Un traje que pesaba 14 kilos

La otra gran protagonista de la noche fue sin duda Salomé. La cantante catalana representó a España a pesar de que a nivel nacional era poco conocida. Hasta entonces la mayoría de sus canciones las había grabado en catalán y en el circuito de la canço ya era una figura. Se trató de una elección interna, aunque el 22 de febrero, Televisión Española organizó una curiosa final presentada por Marisa Medina y Joaquín Prat desde Palma de Mallorca. Se elegía la canción que Salomé debería interpretar en el Festival. Resultó elegida Vive cantando. La canción original fue escrita por María José de Ceratto (música) y Aniano Alcalde (letra). Y los arreglos fueron a cargo del compositor Augusto Algueró. Salomé grabó la canción en 8 idiomas diferentes (castellano, catalán, euskera, francés, alemán, italiano, inglés, y serbocroata).

Sabedores de que en Europa la emisión sería en color decidieron que el traje de Salomé lo confeccionara uno de los más grandes de la moda española: Manuel Pertegaz. El vestido constaba de una serie de flecos de pedrería azul que pesaba ni más ni menos que catorce kilos.

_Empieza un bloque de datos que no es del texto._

(** Softmax attention is odd: the scores [(x W_Q)(x W_K)^T] are quadratic in
    [x], so [Attn (-x) = - Attn x].  A centred Gaussian matrix [h] has the same
    law as [-h] (both laws agree on measurable rectangles, which form a
    pi-system generating the product sigma-algebra), hence
    [E[Attn h] = E[Attn (-h)] = - E[Attn h]], i.e. [E[Attn h] = 0].  The
    expectation is finite because the softmax weights lie in [[0, 1]], so that
    [|Attn(x)_ij| <= sum_kl |x_kl| |W_V lj|], and Gaussians have a finite first
    absolute moment: [|x| e^(-x^2/2s^2)] is dominated by a multiple of
    [e^(-x^2/8s^2)]. *)

From HB Require Import structures.
From mathcomp Require Import all_boot all_order all_algebra.
From mathcomp Require Import all_classical all_reals all_analysis.
From mathcomp Require Import measurable_realfun ring lra.

Set Implicit Arguments.
Unset Strict Implicit.
Unset Printing Implicit Defensive.

Import Order.TTheory GRing.Theory Num.Theory.
Local Open Scope classical_set_scope.
Local Open Scope ring_scope.

Section integral_density.
Local Open Scope ereal_scope.
Context d (T : measurableType d) (R : realType).
Variables (nu : {finite_measure set T -> \bar R})
  (mu : {sigma_finite_measure set T -> \bar R}) (g : T -> \bar R).
Hypotheses (mg : measurable_fun [set: T] g)
  (nuE : forall A, measurable A -> nu A = \int[mu]_(x in A) g x).

Lemma ge0_integral_density (f : T -> \bar R) :
  (forall x, 0 <= f x) -> measurable_fun [set: T] f ->
  \int[nu]_x f x = \int[mu]_x (f x * g x).
Proof.
move=> f0 mf.
have numu : nu `<< mu.
  apply/null_content_dominatesP => A mA muA0.
  by rewrite nuE // null_set_integral //; exact: measurable_funTS.
pose rn := Radon_Nikodym_SigmaFinite.f nu mu.
have rn_int : mu.-integrable [set: T] rn.
  exact: Radon_Nikodym_SigmaFinite.f_integrable.
have rnE : ae_eq mu [set: T] rn g.
  apply: integral_ae_eq => // A _ mA.
  by rewrite -Radon_Nikodym_SigmaFinite.f_integral // nuE.
rewrite -(Radon_Nikodym_SigmaFinite.change_of_variables numu) //.
apply: ae_eq_integral => //.
- exact/emeasurable_funM/(measurable_int _ rn_int).
- exact: emeasurable_funM.
- exact: ae_eqe_mul2l.
Qed.

End integral_density.

Lemma normal_fun_abs_le (R : realType) (m s x : R) : 0 < s ->
  `|x - m| * normal_fun m s x <= 2 * s * normal_fun m (2 * s) x.
Proof.
move=> s0; rewrite /normal_fun -(real_normK (num_real (x - m))).
set y := `|x - m|; have y0 : 0 <= y := normr_ge0 _.
have sn0 : s != 0 by rewrite gt_eqF.
set b := 3 * y ^+ 2 / (8 * s ^+ 2).
have -> : - y ^+ 2 / (s ^+ 2 *+ 2) = - y ^+ 2 / ((2 * s) ^+ 2 *+ 2) - b.
  by rewrite /b; field.
rewrite expRD mulrCA [X in _ <= X]mulrC ler_pM2l ?expR_gt0 //.
rewrite expRN ler_pdivrMr ?expR_gt0 //.
(* [expR b >= 1 + b] leaves [4 s y <= 8 s^2 + 3 y^2]. *)
apply: le_trans (ler_wpM2l _ (expR_ge1Dx b)); last by rewrite mulr_ge0 ?ltW.
rewrite mulrDr mulr1 /b.
have -> : 2 * s * (3 * y ^+ 2 / (8 * s ^+ 2)) = 3 * y ^+ 2 / (4 * s).
  by field.
have s4 : 0 < 4 * s by rewrite mulr_gt0.
by rewrite -(ler_pM2r s4) mulrDl divfK ?gt_eqF //; nra.
Qed.

Section normal_prob.
Local Open Scope ereal_scope.
Context {R : realType}.
Local Notation mu := (@lebesgue_measure R).
Local Notation RR := (measurableTypeR R).

Lemma normal_prob_abs_moment_lty (m s : R) : (0 < s)%R ->
  \int[normal_prob m s]_x `|x - m|%:E < +oo.
Proof.
move=> s0; have sn0 : s != 0%R by rewrite gt_eqF.
have s2n0 : (2 * s != 0)%R by rewrite mulf_neq0 // pnatr_eq0.
have mpdf t : measurable_fun [set: R] (fun x => (normal_pdf m t x)%:E).
  by apply/measurable_EFinP; exact: measurable_normal_pdf.
have mabs : measurable_fun [set: R] (fun x => `|x - m|%:E).
  by apply/measurable_EFinP; apply: measurableT_comp => //; exact: measurable_funB.
rewrite (@ge0_integral_density _ _ _ (normal_prob m s) mu _ (mpdf s)) //.
pose C := (2 * s * normal_peak s / normal_peak (2 * s))%R.
have C0 : (0 <= C)%R by rewrite /C divr_ge0 ?mulr_ge0 ?normal_peak_ge0 ?ltW.
apply: (@le_lt_trans _ _ (\int[mu]_x (C%:E * (normal_pdf m (2 * s) x)%:E))).
  apply: ge0_le_integral => //.
  - by move=> x _; rewrite mule_ge0 // lee_fin normal_pdf_ge0.
  - exact: emeasurable_funM mabs (mpdf s).
  - exact: emeasurable_funM (measurable_cst _) (mpdf (2 * s)%R).
  - move=> x _; rewrite -!EFinM lee_fin !normal_pdfE //=.
    have -> : (C * (normal_peak (2 * s) * normal_fun m (2 * s) x) =
        normal_peak s * (2 * s * normal_fun m (2 * s) x))%R.
      by rewrite /C; field; rewrite gt_eqF // normal_peak_gt0.
    by rewrite mulrCA ler_pM2l ?normal_peak_gt0 // normal_fun_abs_le.
rewrite ge0_integralZl ?lee_fin //.
- by rewrite integral_normal_pdf mule1 ltry.
- exact: mpdf.
- by move=> x _; rewrite lee_fin normal_pdf_ge0.
Qed.

Lemma normal_prob0N (s : R) (B : set R) : s != 0%R -> measurable B ->
  normal_prob 0 s (-%R @^-1` B) = normal_prob 0 s B.
Proof.
move=> s0 mB; rewrite /normal_prob.
have pdfN x : normal_pdf 0 s (- x) = normal_pdf 0 s x.
  by rewrite !normal_pdfE //= /normal_fun !subr0 sqrrN.
transitivity (\int[mu]_(x in -%R @^-1` B)
    ((fun y => (normal_pdf 0 s y)%:E) \o -%R) x).
  by apply: eq_integral => x _; rewrite /= pdfN.
have mN : measurable_fun [set: RR] (-%R : RR -> RR) by [].
rewrite -(ge0_integral_pushforward mN) //.
- by apply: eq_measure_integral => A mA _; exact: lebesgue_measureN.
- by apply/measurable_funTS/measurable_EFinP; exact: measurable_normal_pdf.
- by move=> y _; rewrite lee_fin normal_pdf_ge0.
Qed.

End normal_prob.

(* [g_sigma_algebraType] needs a [pointedType], which matrices are not. *)
Definition mx_carrier (R : realType) (n d : nat) : Type := 'M[R]_(n, d).
HB.instance Definition _ R n d := Choice.on (mx_carrier R n d).
HB.instance Definition _ R n d := isPointed.Build (mx_carrier R n d) 0.

Section matrix_sigma_algebra.
Variables (R : realType) (n d : nat).

Definition mx_rect (B : 'I_n -> 'I_d -> set R) : set (mx_carrier R n d) :=
  [set M | forall i j, B i j (M i j)].

Definition mx_rects : set (set (mx_carrier R n d)) :=
  [set mx_rect B | B in [set B | forall i j, measurable (B i j)]].

Definition mx_sigma := g_sigma_algebraType mx_rects.

Lemma preimage_mx_entry (i : 'I_n) (j : 'I_d) (A : set R) :
  (fun M : mx_carrier R n d => M i j) @^-1` A =
  mx_rect (fun i' j' => if (i' == i) && (j' == j) then A else setT).
Proof.
apply/seteqP; split => M /=.
- by move=> MA i' j'; case: ifP => [/andP[/eqP-> /eqP->]|].
- by move=> /(_ i j); rewrite !eqxx.
Qed.

Lemma measurable_mx_entry (i : 'I_n) (j : 'I_d) :
  measurable_fun [set: mx_sigma] (fun M : mx_sigma => M i j).
Proof.
move=> _ A mA; rewrite setTI preimage_mx_entry; apply: sub_sigma_algebra.
exists (fun i' j' => if (i' == i) && (j' == j) then A else setT) => //.
by move=> i' j'; case: ifP.
Qed.

Lemma measurable_fun_mxP d' (T : measurableType d') (f : T -> mx_sigma) :
  measurable_fun [set: T] f <->
  forall i j, measurable_fun [set: T] (fun w => (f w : 'M[R]_(n, d)) i j).
Proof.
split => [mf i j|mf].
  exact: measurableT_comp (measurable_mx_entry i j) mf.
apply: (@measurability _ _ _ mx_sigma _ _ mx_rects erefl).
move=> _ [_ [B mB <-] <-]; rewrite setTI.
have -> : f @^-1` mx_rect B =
    \bigcap_(i in [set: 'I_n]) \bigcap_(j in [set: 'I_d])
      ((fun w => (f w : 'M[R]_(n, d)) i j) @^-1` B i j).
  by apply/seteqP; split => [w fB i _ j _|w fB i j]; [exact: fB|exact: fB].
apply: fin_bigcap_measurable; first exact: finite_finset.
move=> i _; apply: fin_bigcap_measurable; first exact: finite_finset.
by move=> j _; rewrite -[X in measurable X]setTI; exact: mf.
Qed.

Lemma mx_rects_setI_closed : setI_closed mx_rects.
Proof.
move=> _ _ [B1 mB1 <-] [B2 mB2 <-].
exists (fun i j => B1 i j `&` B2 i j); first by move=> i j; exact: measurableI.
apply/seteqP; split => M /=.
- by move=> MB; split => i j; have [] := MB i j.
- by move=> [MB1 MB2] i j; split; [exact: MB1|exact: MB2].
Qed.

La gala transcurrió sin sobresaltos, aunque la dirección de Rosón lo tenía todo pensado. Tenían miedo de que algunos artistas aprovecharan la emisión en directo para protestar por la dictadura. De hecho, la representante de Holanda, Lenny Kuhr, había manifestado públicamente su descontento al tener que actuar en un país sin democracia, aunque finalmente lo hizo. Quien sí se negó a participar debido a la situación política del país anfitrión fue Austria.

Lo que sí que pilló a todo el mundo por sorpresa fue el final del certamen. Por primera vez en la historia se daba un empate en puntos (18), no entre dos países sino entre cuatro: España, Francia, Reino Unido y Holanda. Un caos imprevisto que se hizo notar en la cara de apuro de Laura Valenzuela.

La votación fue caótica. Alemania en la primera ronda de votación fue primera y Mónaco y Suiza que al final se descolgaron. Reino Unido arrebató el liderazgo a Alemania, pero España le alcanzó y superó mientras Francia empataba con España. Luego Reino Unido y Francia cogieron una ligera ventaja frente a España y Mónaco, que se alteraron en el mismo puesto durante toda la segunda mitad de la votación. En el antepenúltimo turno, Francia puso a España la primera, pero a continuación le dio 6 puntos a Países Bajos, siendo el primer país de los 4 en llegar a los 18. Francia y España alcanzarían a Holanda en la penúltima votación mientras que Inglaterra no llegó a 18 puntos hasta la última votación.

El premio se concedió ex aquo a las cuatro naciones, pero el país encargado de organizar la siguiente edición fue Holanda. A partir de ese momento, la organización cambiaría sus normas para evitar que se repitieran estas situaciones, el país que primero llegase al número de votos que le hiciera subir a la cumbre ganaría el festival.

Finalmente, aunque fue compartido la España de Franco se apuntó un nuevo tanto. Una Massiel triunfante, ataviaba con un abrigo de chinchillas, felicitaba a Salomé por un triunfo que nunca más volvería a darse para España en el Festival de Eurovisión.